Dataset entries:
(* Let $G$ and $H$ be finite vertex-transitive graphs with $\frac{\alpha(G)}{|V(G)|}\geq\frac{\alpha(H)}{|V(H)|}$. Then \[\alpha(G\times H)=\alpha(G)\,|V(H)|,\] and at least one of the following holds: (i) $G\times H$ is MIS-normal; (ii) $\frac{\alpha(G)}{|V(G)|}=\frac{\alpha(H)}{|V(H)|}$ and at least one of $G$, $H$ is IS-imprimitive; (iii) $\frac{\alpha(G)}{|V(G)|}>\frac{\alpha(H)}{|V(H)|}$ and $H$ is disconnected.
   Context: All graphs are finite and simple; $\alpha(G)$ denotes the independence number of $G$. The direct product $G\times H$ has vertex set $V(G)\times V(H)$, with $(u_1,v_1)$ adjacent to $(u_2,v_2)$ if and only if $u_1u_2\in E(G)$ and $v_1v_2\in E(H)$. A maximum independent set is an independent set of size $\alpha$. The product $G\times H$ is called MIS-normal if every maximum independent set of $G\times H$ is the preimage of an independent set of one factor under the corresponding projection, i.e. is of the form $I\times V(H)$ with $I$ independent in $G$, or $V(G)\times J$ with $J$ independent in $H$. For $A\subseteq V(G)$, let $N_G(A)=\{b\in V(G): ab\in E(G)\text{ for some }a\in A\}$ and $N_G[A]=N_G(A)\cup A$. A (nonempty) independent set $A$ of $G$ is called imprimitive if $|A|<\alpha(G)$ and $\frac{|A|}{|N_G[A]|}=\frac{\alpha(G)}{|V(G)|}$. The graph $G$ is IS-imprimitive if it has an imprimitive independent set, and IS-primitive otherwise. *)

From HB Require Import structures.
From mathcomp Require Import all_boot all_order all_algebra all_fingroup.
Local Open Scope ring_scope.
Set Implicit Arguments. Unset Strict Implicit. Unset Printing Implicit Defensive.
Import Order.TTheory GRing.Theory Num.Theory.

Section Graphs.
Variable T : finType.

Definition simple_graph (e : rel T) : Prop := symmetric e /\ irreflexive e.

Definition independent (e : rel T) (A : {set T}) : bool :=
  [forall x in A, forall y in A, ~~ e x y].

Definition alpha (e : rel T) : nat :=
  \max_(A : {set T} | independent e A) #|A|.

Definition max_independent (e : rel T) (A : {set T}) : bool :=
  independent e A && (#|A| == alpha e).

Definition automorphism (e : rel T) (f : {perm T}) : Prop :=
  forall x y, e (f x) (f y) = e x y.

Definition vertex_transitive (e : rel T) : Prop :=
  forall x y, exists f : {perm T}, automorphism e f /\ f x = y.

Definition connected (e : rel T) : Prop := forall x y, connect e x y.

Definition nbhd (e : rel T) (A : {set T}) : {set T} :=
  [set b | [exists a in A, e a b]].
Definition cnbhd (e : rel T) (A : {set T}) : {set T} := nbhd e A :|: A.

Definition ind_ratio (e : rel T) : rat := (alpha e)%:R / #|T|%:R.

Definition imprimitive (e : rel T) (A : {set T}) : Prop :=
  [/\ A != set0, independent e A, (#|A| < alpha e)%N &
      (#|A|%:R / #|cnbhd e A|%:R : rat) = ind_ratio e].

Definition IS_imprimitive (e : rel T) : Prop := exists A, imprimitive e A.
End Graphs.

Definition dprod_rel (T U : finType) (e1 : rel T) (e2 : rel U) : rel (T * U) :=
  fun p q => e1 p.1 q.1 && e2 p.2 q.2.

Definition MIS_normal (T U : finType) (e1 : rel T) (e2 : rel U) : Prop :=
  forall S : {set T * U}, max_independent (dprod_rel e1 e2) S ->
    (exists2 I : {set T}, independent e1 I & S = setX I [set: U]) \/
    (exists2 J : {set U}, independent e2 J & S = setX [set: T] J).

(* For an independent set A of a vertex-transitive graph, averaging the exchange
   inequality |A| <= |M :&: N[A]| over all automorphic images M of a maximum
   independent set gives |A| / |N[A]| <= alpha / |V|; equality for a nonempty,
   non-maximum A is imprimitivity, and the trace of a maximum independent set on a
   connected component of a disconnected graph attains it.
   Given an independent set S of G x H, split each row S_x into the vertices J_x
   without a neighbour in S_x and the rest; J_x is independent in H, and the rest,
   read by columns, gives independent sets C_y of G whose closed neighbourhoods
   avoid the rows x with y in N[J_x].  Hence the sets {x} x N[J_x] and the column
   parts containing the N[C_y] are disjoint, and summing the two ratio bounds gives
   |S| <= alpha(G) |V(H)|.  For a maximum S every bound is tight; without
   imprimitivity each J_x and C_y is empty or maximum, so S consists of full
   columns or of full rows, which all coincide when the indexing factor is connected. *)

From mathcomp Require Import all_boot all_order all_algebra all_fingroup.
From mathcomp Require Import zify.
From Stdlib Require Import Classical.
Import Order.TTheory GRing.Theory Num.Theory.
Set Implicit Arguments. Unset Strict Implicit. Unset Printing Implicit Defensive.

Problem to work on:
All lines from the beginning of the entries through the line marked "Local Open Scope ring_scope." are to be output exactly; nothing else belongs in the answer.

Exercise answer:
(* Let $G$ and $H$ be finite vertex-transitive graphs with $\frac{\alpha(G)}{|V(G)|}\geq\frac{\alpha(H)}{|V(H)|}$. Then \[\alpha(G\times H)=\alpha(G)\,|V(H)|,\] and at least one of the following holds: (i) $G\times H$ is MIS-normal; (ii) $\frac{\alpha(G)}{|V(G)|}=\frac{\alpha(H)}{|V(H)|}$ and at least one of $G$, $H$ is IS-imprimitive; (iii) $\frac{\alpha(G)}{|V(G)|}>\frac{\alpha(H)}{|V(H)|}$ and $H$ is disconnected.
   Context: All graphs are finite and simple; $\alpha(G)$ denotes the independence number of $G$. The direct product $G\times H$ has vertex set $V(G)\times V(H)$, with $(u_1,v_1)$ adjacent to $(u_2,v_2)$ if and only if $u_1u_2\in E(G)$ and $v_1v_2\in E(H)$. A maximum independent set is an independent set of size $\alpha$. The product $G\times H$ is called MIS-normal if every maximum independent set of $G\times H$ is the preimage of an independent set of one factor under the corresponding projection, i.e. is of the form $I\times V(H)$ with $I$ independent in $G$, or $V(G)\times J$ with $J$ independent in $H$. For $A\subseteq V(G)$, let $N_G(A)=\{b\in V(G): ab\in E(G)\text{ for some }a\in A\}$ and $N_G[A]=N_G(A)\cup A$. A (nonempty) independent set $A$ of $G$ is called imprimitive if $|A|<\alpha(G)$ and $\frac{|A|}{|N_G[A]|}=\frac{\alpha(G)}{|V(G)|}$. The graph $G$ is IS-imprimitive if it has an imprimitive independent set, and IS-primitive otherwise. *)

From HB Require Import structures.
From mathcomp Require Import all_boot all_order all_algebra all_fingroup.
Local Open Scope ring_scope.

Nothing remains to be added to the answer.